In that environment, a potential chamber under the Sphinx’s paws becomes not just a scientific puzzle but a communications challenge. Organizers of high profile events want headline ready revelations, while the Khafre Research Project and other technical teams must balance that appetite with the slow, incremental nature of geophysical interpretation. I see the decision to route some announcements through venues like the Cosmic Summit as a sign that discoveries under Giza are being packaged for a global audience from the outset, which can amplify both legitimate excitement and unwarranted hype around features that are still only partially understood.
What the new anomaly can and cannot tell us
Given that context, it is crucial to be clear about what a radar anomaly beneath the Sphinx’s paws actually represents. SAR and related methods detect contrasts in material properties, such as differences in density or moisture, that can indicate a void or change in rock type. When those contrasts form a coherent shape, researchers infer the presence of a cavity, but they cannot see inside it or determine its age without corroborating evidence. The current data, as described in the broader Below The Giza Pyramid Plateau work, point to voids deep below the Great Pyramids and now a discrete feature under the Sphinx, but they stop short of revealing whether those spaces are natural, pharaonic or later intrusions.
From my vantage point, the most responsible reading is that the anomaly marks a target for further study rather than a discovery of a finished chamber in the full architectural sense. Drilling, endoscopic cameras or more refined noninvasive scans could eventually clarify its geometry and contents, but each of those steps carries technical, political and conservation risks. Until such follow up work is done and its results published, any claim that the void is definitively a room, a tomb or the Hall of Records itself remains unverified based on available sources. The data justify curiosity and careful planning, not premature declarations.
Why the Sphinx still matters for understanding Giza
Even if the void beneath the paws turns out to be modest in scale, the focus on the Sphinx is revealing in its own right. The monument occupies a liminal position between the pyramids and the Nile Valley, aligned with the pyramid of Khafre yet carved from the living rock rather than built stone by stone. That hybrid status makes it a natural focal point for questions about how the ancient builders conceived of the plateau’s sacred landscape, and whether they embedded symbolic or functional spaces beneath key nodes like the Sphinx’s forepaws.

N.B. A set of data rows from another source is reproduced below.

(* Let $n,m\ge1$ and $A\subseteq\Omega_n$. If $\mu_n(A)=0$, then $\mu_{n+m}(A\times\{0,1\}^m)=0$.
   Context: For $n\ge1$, $\Omega_n$ is the set of strings $\omega=\alpha_0\alpha_1\cdots\alpha_n$ with $\alpha_k\in\{0,1\}$, $\alpha_0=0$. For $\omega=\alpha_0\cdots\alpha_n$, $\omega'=\alpha'_0\cdots\alpha'_n\in\Omega_n$ let $D^n(\omega,\omega')=2^{-n}\prod_{k=1}^n i^{|\alpha_k-\alpha_{k-1}|}\prod_{k=1}^n i^{-|\alpha'_k-\alpha'_{k-1}|}\,\delta_{\alpha_n\alpha'_n}$ ($i=\sqrt{-1}$), and for $A\subseteq\Omega_n$ let $\mu_n(A)=\sum_{\omega,\omega'\in A}D^n(\omega,\omega')$ ($A$ is called precluded if $\mu_n(A)=0$). For $A\subseteq\Omega_n$, $A\times\{0,1\}^m\subseteq\Omega_{n+m}$ is the set of strings obtained by appending to the right of some $\omega\in A$ an arbitrary string of $m$ bits. *)

From HB Require Import structures.
From mathcomp Require Import all_boot all_order all_algebra algC.
Set Implicit Arguments. Unset Strict Implicit. Unset Printing Implicit Defensive.
Import Order.TTheory GRing.Theory Num.Theory.
Local Open Scope ring_scope.

(* A string omega = alpha_0 alpha_1 ... alpha_n is a function 'I_n.+1 -> bool
   (true = 1, false = 0). *)
Notation bstr n := {ffun 'I_n.+1 -> bool}.

Definition Omega (n : nat) : {set bstr n} := [set w : bstr n | ~~ w ord0].

(* |alpha_k - alpha_{k-1}| for k = 1..n, indexed by k' : 'I_n with k = k'+1. *)
Definition jump (n : nat) (w : bstr n) (k : 'I_n) : nat :=
  (w (lift ord0 k) != w (widen_ord (leqnSn n) k)).

Definition D (n : nat) (w w' : bstr n) : algC :=
  (2 ^- n) * (\prod_(k < n) 'i ^+ jump w k) * (\prod_(k < n) 'i ^- jump w' k)
  * (w ord_max == w' ord_max)%:R.

Definition mu (n : nat) (A : {set bstr n}) : algC :=
  \sum_(w in A) \sum_(w' in A) D w w'.

Lemma leq_ext (n m : nat) : (n.+1 <= (n + m).+1)%N.
Proof. by rewrite ltnS leq_addr. Qed.

(* A x {0,1}^m : strings in Omega_{n+m} whose first n+1 bits form a string of A *)
Definition ext (n m : nat) (A : {set bstr n}) : {set bstr (n + m)} :=
  [set w : bstr (n + m) |
    [exists v in A, [forall i : 'I_n.+1, w (widen_ord (leq_ext n m) i) == v i]]].

(* Write the amplitude of a path as the product of its factors i^{|alpha_k - alpha_(k-1)|};
   then D(w, w') = 2^-n amp(w) conj(amp(w')) [w, w' end at the same bit], so
   mu(A) = 2^-n (|S_A(0)|^2 + |S_A(1)|^2), where S_A(b) is the total amplitude of the
   paths of A ending at b.  Hence A is precluded iff S_A(0) = S_A(1) = 0.  A path of
   A x {0,1}^m is a path v of A followed by a tail t, and its amplitude factors as
   amp(v) times an amplitude of t depending only on the last bit of v; summing,
   S_(A x {0,1}^m)(c) is a linear combination of S_A(0) and S_A(1). *)
From HB Require Import structures.
From mathcomp Require Import all_boot all_order all_algebra algC.
Import Order.TTheory GRing.Theory Num.Theory.
Set Implicit Arguments. Unset Strict Implicit.
Local Open Scope ring_scope.

Definition amplitude n (w : bstr n) : algC := \prod_(k < n) 'i ^+ jump w k.

Definition endpoint_sum n (A : {set bstr n}) (b : bool) : algC :=
  \sum_(w in A) (w ord_max == b)%:R * amplitude w.

Lemma D_amplitude n (w w' : bstr n) :
  D w w' = 2 ^- n * amplitude w * (amplitude w')^* * (w ord_max == w' ord_max)%:R.
Proof.
rewrite /D /amplitude rmorph_prod; congr (_ * _ * _); apply: eq_bigr => k _.
by rewrite -exprVn invCi -conjCi rmorphXn.
Qed.

Lemma mu_endpoint_sum n (A : {set bstr n}) :
  mu A = 2 ^- n * \sum_(b : bool) endpoint_sum A b * (endpoint_sum A b)^*.
Proof.
rewrite /mu mulr_sumr; symmetry.
transitivity (\sum_(b : bool) \sum_(w in A) \sum_(w' in A) 2 ^- n *
  ((w ord_max == b)%:R * amplitude w * ((w' ord_max == b)%:R * amplitude w')^*)).
  apply: eq_bigr => b _; rewrite /endpoint_sum rmorph_sum mulr_suml mulr_sumr.
  by apply: eq_bigr => w _; rewrite !mulr_sumr.
rewrite exchange_big; apply: eq_bigr => w _.
rewrite exchange_big; apply: eq_bigr => w' _.
rewrite big_bool D_amplitude rmorphM /= conjC_nat.
case: (w ord_max); case: (w' ord_max);
  rewrite /= ?mul0r ?mulr0 ?mul1r ?mulr1 ?addr0 ?add0r ?mulrA.
all: by rewrite ?rmorph0 ?mulr0.
Qed.

Lemma mu_eq0P n (A : {set bstr n}) :
  mu A = 0 <-> forall b, endpoint_sum A b = 0.
Proof.
rewrite mu_endpoint_sum; split; last first.
  by move=> end0; rewrite big1 ?mulr0 // => b _; rewrite end0 mul0r.
move=> /eqP; rewrite mulf_eq0 invr_eq0 expf_eq0 pnatr_eq0 andbF /=.
rewrite big_bool paddr_eq0 ?mul_conjC_ge0 // !mul_conjC_eq0.
by move=> /andP[/eqP end1 /eqP end0]; case.
Qed.

Section Concatenation.
Variables n m : nat.

(* The tail t is read through [v ord_max :: t], so that index 0 is the junction bit. *)
Definition catb (v : bstr n) (t : m.-tuple bool) : bstr (n + m) :=
  [ffun i : 'I_(n + m).+1 => if (i < n)%N then v (inord i)
                             else nth (v ord_max) (v ord_max :: t) (i - n)].

Definition splitb (u : bstr (n + m)) : bstr n * m.-tuple bool :=
  ([ffun i : 'I_n.+1 => u (widen_ord (leq_ext n m) i)],
   [tuple u (inord (n + j.+1)) | j < m]).

Lemma catb_prefix v t (i : 'I_(n + m).+1) (j : 'I_n.+1) :
  val i = val j -> catb v t i = v j.
Proof.
move=> eij; rewrite ffunE eij; case: ifP => ltjn.
  by congr (v _); apply/val_inj; rewrite /= inordK // ltnS ltnW.
have ej : val j = n.
  by have := ltn_ord j; rewrite ltnS leq_eqVlt ltjn orbF => /eqP.
by rewrite ej subnn; congr (v _); apply/val_inj; rewrite ej.
Qed.

Lemma catb_suffix v t (i : 'I_(n + m).+1) (j : nat) :
  val i = (n + j)%N -> catb v t i = nth (v ord_max) (v ord_max :: t) j.
Proof. by move=> eij; rewrite ffunE eij ltnNge leq_addr /= addKn. Qed.

Lemma catbK : cancel (fun p => catb p.1 p.2) splitb.
Proof.
case=> v t; congr (_, _).
  by apply/ffunP => i; rewrite ffunE (catb_prefix _ _ (j := i)).
apply: eq_from_tnth => j; rewrite tnth_mktuple (catb_suffix _ _ (j := j.+1)).
  by rewrite /= (tnth_nth (v ord_max)).
by rewrite /= inordK // ltnS leq_add2l.
Qed.

Lemma splitbK : cancel splitb (fun p => catb p.1 p.2).
Proof.
move=> u; apply/ffunP => i; rewrite ffunE /= !ffunE.
case: ifP => ltin.
  by congr (u _); apply/val_inj; rewrite /= inordK // ltnS ltnW.
case ei: (i - n)%N => [|j] /=.
  congr (u _); apply/val_inj => /=.
  by apply/eqP; rewrite eqn_leq leqNgt ltin -subn_eq0 ei.
have ltjm : (j < m)%N by rewrite -ei leq_subLR -ltnS.
rewrite (nth_map (Ordinal ltjm)) ?size_enum_ord //.
congr (u _); apply/val_inj; rewrite /= nth_enum_ord // inordK; last first.
  by rewrite ltnS leq_add2l.
by rewrite -ei subnKC // leqNgt ltin.
Qed.

Lemma catb_bij : bijective (fun p : bstr n * m.-tuple bool => catb p.1 p.2).
Proof. by exists splitb; [exact: catbK | exact: splitbK]. Qed.

Lemma catb_last v t : catb v t ord_max = nth (v ord_max) (v ord_max :: t) m.
Proof. exact: catb_suffix. Qed.

Lemma mem_ext_catb (A : {set bstr n}) v t : (catb v t \in ext m A) = (v \in A).
Proof.
rewrite inE; apply/existsP/idP => [[v' /andP[Av' /forallP eqv']] | Av].
  suff -> : v = v' by [].
  by apply/ffunP => i; move/eqP: (eqv' i) => <-; rewrite (catb_prefix _ _ (j := i)).
by exists v; rewrite Av; apply/forallP => i; rewrite (catb_prefix _ _ (j := i)).
Qed.

End Concatenation.

Definition tail_amplitude m (b : bool) (t : m.-tuple bool) : algC :=
  \prod_(k < m) 'i ^+ (nth b (b :: t) k.+1 != nth b (b :: t) k).

Lemma amplitude_catb n m (v : bstr n) (t : m.-tuple bool) :
  amplitude (catb v t) = amplitude v * tail_amplitude (v ord_max) t.
Proof.
rewrite /amplitude big_split_ord /=; congr (_ * _); apply: eq_bigr => k _; rewrite /jump.
  rewrite (catb_prefix _ _ (j := lift ord0 k)) //.
  by rewrite (catb_prefix _ _ (j := widen_ord (leqnSn n) k)).
rewrite (catb_suffix _ _ (j := k.+1)); last by rewrite /= /bump /= add1n addnS.
by rewrite (catb_suffix _ _ (j := k)).
Qed.

Lemma endpoint_sum_ext n m (A : {set bstr n}) (c : bool) :
  endpoint_sum (ext m A) c = \sum_(b : bool) endpoint_sum A b *
    \sum_(t : m.-tuple bool) (nth b (b :: t) m == c)%:R * tail_amplitude b t.
Proof.
rewrite /endpoint_sum (reindex _ (onW_bij _ (@catb_bij n m))) /=.
rewrite (eq_bigl (fun p => (p.1 \in A) && true)); last first.
  by move=> p; rewrite /= mem_ext_catb andbT.
rewrite -(pair_big_dep (fun v => v \in A) (fun _ _ => true)
  (fun v t => (catb v t ord_max == c)%:R * amplitude (catb v t))) /=.
under [RHS]eq_bigr => b _ do rewrite mulr_suml.
rewrite [RHS]exchange_big; apply: eq_bigr => v _.
under eq_bigr => t _ do rewrite catb_last amplitude_catb mulrCA.
rewrite big_bool /=.
by case: (v ord_max); rewrite /= ?mul1r ?mul0r ?addr0 ?add0r mulr_sumr.
Qed.

Theorem corollary3p3 (n m : nat) (A : {set bstr n}) :
  (1 <= n)%N -> (1 <= m)%N -> A \subset Omega n ->
  mu A = 0 -> mu (ext m A) = 0.
Proof.
move=> _ _ _ /mu_eq0P endA0; apply/mu_eq0P => c.
by rewrite endpoint_sum_ext big1 // => b _; rewrite endA0 mul0r.
Qed.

The new radar work, framed by projects like Below The Giza Pyramid Plateau and the Khafre Research Project, suggests that the subsurface architecture of Giza is richer than the visible monuments alone indicate. Whether the anomaly under the paws proves to be a small maintenance cavity or something more elaborate, it is part of a growing realization that the plateau’s story extends downward as well as outward. For now, the hidden space remains a shadow on a radar plot, a reminder that even the most photographed statue on Earth may still be keeping secrets in the rock beneath its feet.